National Ceramics Museum - Incredible Safiot Pottery

Perhaps one of the most interesting forms of ceramics is that of Safiot pottery. These incredibly ornate masterpieces are simply unbeatable for handcrafted decadence. The skill needed for Safiot pottery is passed down from generation to generation and many still practice this form of pottery today. In fact, visitors can take a course in it wherein they are housed with the family of a Safi artisan and are taught all the aspects of Safiot pottery. If you would like to see excellent examples of this ingenious way of decorating and molding clay, why not visit the National Ceramics Museum in Morocco?

The National Ceramics Museum is housed in the Kechla citadel, which was built by the Portuguese in the 16th century. The building itself is an interesting treat since, not only does it offer a fantastic view of the roofs of the medina all the way to the cool blue waters of the Atlantic, but it has a number of interesting design elements incorporated into it. It also has great historical significance. Of course, the most interesting aspect of the building is not the building or the view, but rather the ceramic gems that are housed inside of it. The Kechla citadel is home to some of the finest pieces of Safiot pottery in the country. Each item housed here has been carefully handcrafted and finished under the hands of a skilled Safi artisan. Such exquisite work has been the pride of the residents of Safi for years. Each ceramic masterpiece provides a world of self-expression and is filled with meaningful designs, styles and colors. The pieces are trimmed with tooled silver overlay which gives a sort of richness to the design and adds to its uniqueness. Techniques used to create these beautiful designs include engraving, stamping, molding and sculpting and a skilled artisan may also used subtle differences in color and relief to further decorate their artworks.

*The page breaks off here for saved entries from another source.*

(* For every extreme point $(x,y,z)$ of the polyhedron GVC-LP, the vector $x$ is half-integral, i.e. $x_i\in\{0,\tfrac12,1\}$ for all $i\in V$.
   Context: Let $G=(V,E)$ be a graph. GVC-LP is the linear programming relaxation of the following mixed integer formulation of the generalized vertex cover problem (objective: minimize $\sum_{i\in V}c_ix_i+\sum_{(i,j)\in E}(q^2_{ij}-q^1_{ij})y_{ij}+\sum_{(i,j)\in E}(q^0_{ij}-q^1_{ij})z_{ij}$), with variables $x_i$ ($i\in V$), $y_{ij},z_{ij}$ ($(i,j)\in E$) and constraints: $x_i+x_j\le 1+y_{ij}$, $x_i\ge y_{ij}$, $x_j\ge y_{ij}$, $z_{ij}=1-x_i-x_j+y_{ij}$, $y_{ij}\ge 0$ for all $(i,j)\in E$, and $x_i\in\{0,1\}$, $z_{ij}\in\{0,1\}$. In GVC-LP the integrality constraints are replaced by $0\le x_i\le 1$ and $0\le z_{ij}\le 1$. Extreme points refer to the feasible region of GVC-LP. *)

From mathcomp Require Import all_boot all_order all_algebra.
Set Implicit Arguments. Unset Strict Implicit. Unset Printing Implicit Defensive.
Import Order.TTheory GRing.Theory Num.Theory.
Local Open Scope ring_scope.

(* A finite simple graph G = (V, E): the edge set E is a set of ordered pairs
   (i,j) (each undirected edge listed once, in one orientation), with no loops. *)
Definition simple_edge_set (V : finType) (E : {set V * V}) : Prop :=
  (forall p, p \in E -> p.1 != p.2) /\
  (forall p, p \in E -> (p.2, p.1) \notin E).

Definition edge (V : finType) (E : {set V * V}) := {p : V * V | p \in E}.

Definition GVC_LP (R : realFieldType) (V : finType) (E : {set V * V})
    (x : V -> R) (y z : edge E -> R) : Prop :=
  (forall i, 0 <= x i <= 1) /\
  (forall e : edge E,
     let i := (val e).1 in let j := (val e).2 in
     [/\ x i + x j <= 1 + y e, y e <= x i, y e <= x j & 0 <= y e] /\
     (z e = 1 - x i - x j + y e /\ 0 <= z e <= 1)).

Definition GVC_extreme (R : realFieldType) (V : finType) (E : {set V * V})
    (x : V -> R) (y z : edge E -> R) : Prop :=
  GVC_LP x y z /\
  forall (x1 x2 : V -> R) (y1 y2 z1 z2 : edge E -> R) (lam : R),
    GVC_LP x1 y1 z1 -> GVC_LP x2 y2 z2 -> 0 < lam < 1 ->
    (forall i, x i = lam * x1 i + (1 - lam) * x2 i) ->
    (forall e, y e = lam * y1 e + (1 - lam) * y2 e) ->
    (forall e, z e = lam * z1 e + (1 - lam) * z2 e) ->
    (forall i, x1 i = x2 i) /\ (forall e, y1 e = y2 e) /\ (forall e, z1 e = z2 e).

(* An extreme point has every y_e at an end of its Fréchet interval
   [max(0, x_i + x_j - 1), min(x_i, x_j)], since otherwise y_e alone could be
   moved both ways.  Such a point is determined by x and the choice of an end
   for each edge, and this choice is preserved by any nondecreasing map f of
   [0, 1] with f(1 - t) = 1 - f(t).  The maps t |-> t +- t(1 - t)(1 - 2t) are
   of this kind and average to the identity, so x is the midpoint of two
   feasible points, which must then coincide; they differ unless every x_i is
   a root of t(1 - t)(1 - 2t). *)

From mathcomp Require Import all_boot all_order all_algebra.
From mathcomp Require Import ring lra.
Import Order.TTheory GRing.Theory Num.Theory.
Set Implicit Arguments. Unset Strict Implicit.
Local Open Scope ring_scope.

Section SelfDualMonotone.
Variable R : realFieldType.

Definition self_dual_monotone (f : R -> R) : Prop :=
  [/\ f 0 = 0,
      forall a b, 0 <= a -> b <= 1 -> a <= b -> f a <= f b
    & forall t, f (1 - t) = 1 - f t].

Lemma self_dual_monotone_unit (f : R -> R) (t : R) :
  self_dual_monotone f -> 0 <= t <= 1 -> 0 <= f t <= 1.
Proof.
move=> [f0 f_mono f_dual] /andP[t_ge0 t_le1].
have f1 : f 1 = 1 by rewrite -[1]subr0 f_dual f0.
by rewrite -{1}f0 -{1}f1 !f_mono ?lexx.
Qed.

(* Fréchet bounds on P(A ∩ B) given P(A) = a and P(B) = b. *)
Definition frechet_lo (a b : R) : R := Num.max 0 (a + b - 1).
Definition frechet_hi (a b : R) : R := Num.min a b.

Lemma frechet_boundsP (a b y : R) :
  [/\ a + b <= 1 + y, y <= a, y <= b & 0 <= y] <->
  frechet_lo a b <= y <= frechet_hi a b.
Proof.
rewrite /frechet_lo /frechet_hi ge_max le_min; split.
- by move=> [h1 h2 h3 h4]; rewrite h2 h3 h4 /=; lra.
- by move=> /andP[/andP[h4 h1] /andP[h2 h3]]; split=> //; lra.
Qed.

Lemma frechet_lo_le_hi (a b : R) :
  0 <= a <= 1 -> 0 <= b <= 1 -> frechet_lo a b <= frechet_hi a b.
Proof.
by move=> /andP[a_ge0 a_le1] /andP[b_ge0 b_le1];
  rewrite /frechet_lo /frechet_hi ge_max !le_min a_ge0 b_ge0 /=; lra.
Qed.

Section FrechetMap.
Variables (f : R -> R) (a b : R).
Hypotheses (f_sd : self_dual_monotone f) (a01 : 0 <= a <= 1) (b01 : 0 <= b <= 1).

Lemma frechet_hi_map : frechet_hi (f a) (f b) = f (frechet_hi a b).
Proof.
have [_ f_mono _] := f_sd; move: a01 b01 => /andP[a_ge0 a_le1] /andP[b_ge0 b_le1].
rewrite /frechet_hi; case: (leP a b) => [le_ab | /ltW le_ba].
- by rewrite !min_l ?f_mono.
- by rewrite !min_r ?f_mono.
Qed.

Lemma frechet_lo_map :
  frechet_lo (f a) (f b) = if a + b <= 1 then 0 else f a + f b - 1.
Proof.
have [_ f_mono f_dual] := f_sd; move: a01 b01 => /andP[a_ge0 a_le1] /andP[b_ge0 b_le1].
rewrite /frechet_lo; case: leP => [le_ab1 | /ltW le_1ab].
- have := f_mono a (1 - b) a_ge0 (ltac:(lra)) (ltac:(lra)).
  by rewrite f_dual => ?; rewrite max_l //; lra.
- have := f_mono (1 - b) a (ltac:(lra)) a_le1 (ltac:(lra)).
  by rewrite f_dual => ?; rewrite max_r //; lra.
Qed.

End FrechetMap.
End SelfDualMonotone.

Section CubicShift.
Variable R : realFieldType.

Definition cubic_shift (s t : R) : R := t + s * (t * (1 - t) * (1 - 2 * t)).

Lemma cubic_shift_add (s t : R) : cubic_shift s t + cubic_shift (-s) t = 2 * t.
Proof. rewrite /cubic_shift; ring. Qed.

Lemma cubic_shiftN_eq (s t : R) : s != 0 ->
  cubic_shift s t = cubic_shift (-s) t -> t = 0 \/ t = 2^-1 \/ t = 1.
Proof.
move=> s_neq0 eq_shift.
have : s * (t * (1 - t) * (1 - 2 * t)) = 0.
  by apply: (@mulIf _ 2); [lra | move: eq_shift; rewrite /cubic_shift; lra].
move/eqP; rewrite !mulf_eq0 (negPf s_neq0) /= => /orP[/orP[/eqP t0 | ] | ].
- by left.
- by rewrite subr_eq0 => /eqP <-; right; right.
- by move/eqP => h; right; left; lra.
Qed.

Lemma cubic_shift_self_dual (s : R) : `|s| <= 1 -> self_dual_monotone (cubic_shift s).
Proof.
move=> /ler_normlP[s_ge s_le]; split.
- by rewrite /cubic_shift; ring.
- move=> a b a_ge0 b_le1 le_ab.
  have a_le1 : a <= 1 by lra.
  have b_ge0 : 0 <= b by lra.
  (* [h] is the divided difference of t(1-t)(1-2t) over [a, b]. *)
  pose h := 1 - 3 * (a + b) + 2 * (a * a + a * b + b * b).
  have h_ge : -2^-1 <= h.
    have := sqr_ge0 (a - 2^-1 + (b - 2^-1)); have := sqr_ge0 (a - 2^-1);
    have := sqr_ge0 (b - 2^-1); rewrite /h; nra.
  have h_le : h <= 1.
    have := mulr_ge0 a_ge0 (ltac:(lra) : 0 <= 3 - 2 * a - b).
    have := mulr_ge0 b_ge0 (ltac:(lra) : 0 <= 3 - a - 2 * b).
    rewrite /h; nra.
  have -> : cubic_shift s b = cubic_shift s a + (b - a) * (1 + s * h).
    by rewrite /cubic_shift /h; ring.
  rewrite lerDl; apply: mulr_ge0; first lra.
  nra.
- by move=> t; rewrite /cubic_shift; ring.
Qed.

End CubicShift.

Section GVCExtremePoints.
Variables (R : realFieldType) (V : finType) (E : {set V * V}).
Implicit Types (x : V -> R) (y z : edge E -> R).

Definition y_lower x (e : edge E) : R := frechet_lo (x (val e).1) (x (val e).2).
Definition y_upper x (e : edge E) : R := frechet_hi (x (val e).1) (x (val e).2).
Definition gvc_z x y (e : edge E) : R := 1 - x (val e).1 - x (val e).2 + y e.

Lemma GVC_LPE x y z :
  GVC_LP x y z <->
  [/\ forall i, 0 <= x i <= 1,
      forall e, y_lower x e <= y e <= y_upper x e
    & forall e, z e = gvc_z x y e].
Proof.
split.
- move=> [x01 x_edge]; split=> // e; have [y_edge [z_eq _]] := x_edge e.
  + exact/frechet_boundsP.
  + exact: z_eq.
- move=> [x01 y_bounds z_eq]; split=> // e.
  have /frechet_boundsP[y1 y2 y3 y4] := y_bounds e.
  have /andP[a_ge0 _] := x01 (val e).1; have /andP[b_ge0 _] := x01 (val e).2.
  by split=> //; rewrite z_eq /gvc_z; split=> //; apply/andP; split; lra.
Qed.

Lemma GVC_extreme_midpoint x y z x1 y1 z1 x2 y2 z2 :
  GVC_extreme x y z -> GVC_LP x1 y1 z1 -> GVC_LP x2 y2 z2 ->
  (forall i, x1 i + x2 i = 2 * x i) -> (forall e, y1 e + y2 e = 2 * y e) ->
  (forall i, x1 i = x2 i) /\ (forall e, y1 e = y2 e).
Proof.
move=> [/GVC_LPE[_ _ z_eq] ext] lp1 lp2 x_mid y_mid.
have /GVC_LPE[_ _ z1_eq] := lp1; have /GVC_LPE[_ _ z2_eq] := lp2.
have x_comb i : x i = 2^-1 * x1 i + (1 - 2^-1) * x2 i by have := x_mid i; lra.
have y_comb e : y e = 2^-1 * y1 e + (1 - 2^-1) * y2 e by have := y_mid e; lra.
have z_comb e : z e = 2^-1 * z1 e + (1 - 2^-1) * z2 e.
  rewrite z_eq z1_eq z2_eq /gvc_z.
  by have := x_mid (val e).1; have := x_mid (val e).2; have := y_mid e; lra.
have half : 0 < (2^-1 : R) < 1 by apply/andP; split; lra.
by have [? [? _]] := ext x1 x2 y1 y2 z1 z2 2^-1 lp1 lp2 half x_comb y_comb z_comb.
Qed.

Lemma GVC_extreme_y_endpoint x y z e :
  GVC_extreme x y z -> y e = y_lower x e \/ y e = y_upper x e.
Proof.
move=> ext; have [/GVC_LPE[x01 y_bounds _] _] := ext.
have /andP[lo_y y_hi] := y_bounds e.
case: (eqVneq (y e) (y_lower x e)) => [|ne_lo]; first by left.
case: (eqVneq (y e) (y_upper x e)) => [|ne_hi]; first by right.
have lt_lo : y_lower x e < y e by rewrite lt_neqAle eq_sym ne_lo.
have lt_hi : y e < y_upper x e by rewrite lt_neqAle ne_hi.
pose d := Num.min (y e - y_lower x e) (y_upper x e - y e).
have d_gt0 : 0 < d by rewrite lt_min !subr_gt0 lt_lo lt_hi.
have [d_lo d_hi] : d <= y e - y_lower x e /\ d <= y_upper x e - y e.
  by rewrite !ge_min !lexx orbT.
pose y_shift t e' := if e' == e then y e + t else y e'.
have feasible t : -d <= t <= d -> GVC_LP x (y_shift t) (gvc_z x (y_shift t)).
  move=> /andP[t_ge t_le]; apply/GVC_LPE; split=> // e'.
  rewrite /y_shift; case: eqP => [->|_]; last exact: y_bounds.
  by apply/andP; split; lra.
have same_x i : x i + x i = 2 * x i by lra.
have y_mid e' : y_shift d e' + y_shift (-d) e' = 2 * y e'.
  by rewrite /y_shift; case: eqP => [->|_]; lra.
have [d_in Nd_in] : -d <= d <= d /\ -d <= -d <= d by rewrite !lexx andbT /=; lra.
have [_ /(_ e)] := GVC_extreme_midpoint ext (feasible d d_in) (feasible _ Nd_in) same_x y_mid.
by rewrite /y_shift eqxx; lra.
Qed.

Definition lift_y x (c : edge E -> bool) (e : edge E) : R :=
  if c e then y_upper x e else y_lower x e.

Lemma GVC_extreme_lift x y z :
  GVC_extreme x y z -> exists c, forall e, y e = lift_y x c e.
Proof.
move=> ext; exists (fun e => y e == y_upper x e) => e; rewrite /lift_y.
case: eqVneq => [// | ne_hi].
by case: (GVC_extreme_y_endpoint e ext) => // eq_hi; rewrite eq_hi eqxx in ne_hi.
Qed.

Lemma GVC_LP_lift x c :
  (forall i, 0 <= x i <= 1) -> GVC_LP x (lift_y x c) (gvc_z x (lift_y x c)).
Proof.
move=> x01; apply/GVC_LPE; split=> // e.
have le_lo_hi := frechet_lo_le_hi (x01 (val e).1) (x01 (val e).2).
by rewrite /lift_y; case: (c e); rewrite lexx ?andbT.
Qed.

Lemma lift_y_compD (f g : R -> R) x c e :
  self_dual_monotone f -> self_dual_monotone g -> (forall t, f t + g t = 2 * t) ->
  (forall i, 0 <= x i <= 1) ->
  lift_y (f \o x) c e + lift_y (g \o x) c e = 2 * lift_y x c e.
Proof.
move=> f_sd g_sd fgD x01; have a01 := x01 (val e).1; have b01 := x01 (val e).2.
rewrite /lift_y /y_upper /y_lower /=; case: (c e).
- by rewrite !frechet_hi_map.
- rewrite !frechet_lo_map // /frechet_lo; case: leP => [le_ab1 | lt_1ab].
  + by rewrite max_l ?mulr0 ?addr0 //; lra.
  + have := fgD (x (val e).1); have := fgD (x (val e).2).
    by rewrite max_r //; lra.
Qed.

End GVCExtremePoints.

Theorem theorem5 (R : realFieldType) (V : finType) (E : {set V * V})
    (HE : simple_edge_set E) (x : V -> R) (y z : edge E -> R) :
  GVC_extreme x y z ->
  forall i : V, x i = 0 \/ x i = 2^-1 \/ x i = 1.
Proof.
move=> ext i; have [/GVC_LPE[x01 _ _] _] := ext.
have [c y_lift] := GVC_extreme_lift ext.
have norm1 : `|1 : R| <= 1 by rewrite normr1.
have normN1 : `|-1 : R| <= 1 by rewrite normrN normr1.
have shift_LP (s : R) : `|s| <= 1 ->
    GVC_LP (cubic_shift s \o x) (lift_y (cubic_shift s \o x) c)
      (gvc_z (cubic_shift s \o x) (lift_y (cubic_shift s \o x) c)).
  move=> s_le1; apply: GVC_LP_lift => j.
  exact: self_dual_monotone_unit (cubic_shift_self_dual s_le1) _.
have x_mid j : cubic_shift 1 (x j) + cubic_shift (-1) (x j) = 2 * x j.
  exact: cubic_shift_add.
have y_mid e :
    lift_y (cubic_shift 1 \o x) c e + lift_y (cubic_shift (-1) \o x) c e = 2 * y e.
  rewrite y_lift; apply: lift_y_compD x01; last exact: cubic_shift_add.
  - exact: cubic_shift_self_dual norm1.
  - exact: cubic_shift_self_dual normN1.
have [eq_shift _] := GVC_extreme_midpoint ext (shift_LP _ norm1) (shift_LP _ normN1) x_mid y_mid.
exact: cubic_shiftN_eq (oner_neq0 R) (eq_shift i).
Qed.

The excellent examples of this artwork on display at the National Ceramics Museum are, of course, not for sale – especially since many of them are very old. If seeing them inspires you to purchase the ultimate conversation piece for your home, you can visit the potter’s quarter in the Safi museum where a number of modern-day artists continue to practice this age-old trade. You will find them shaping, painting and baking a variety of dishes, tiles and other ceramics while you watch and there are always plenty of these items available for purchase. So visit the National Ceramics Museum in the Citadelle de la Kechla in Safi and discover a whole new facet of ceramic art.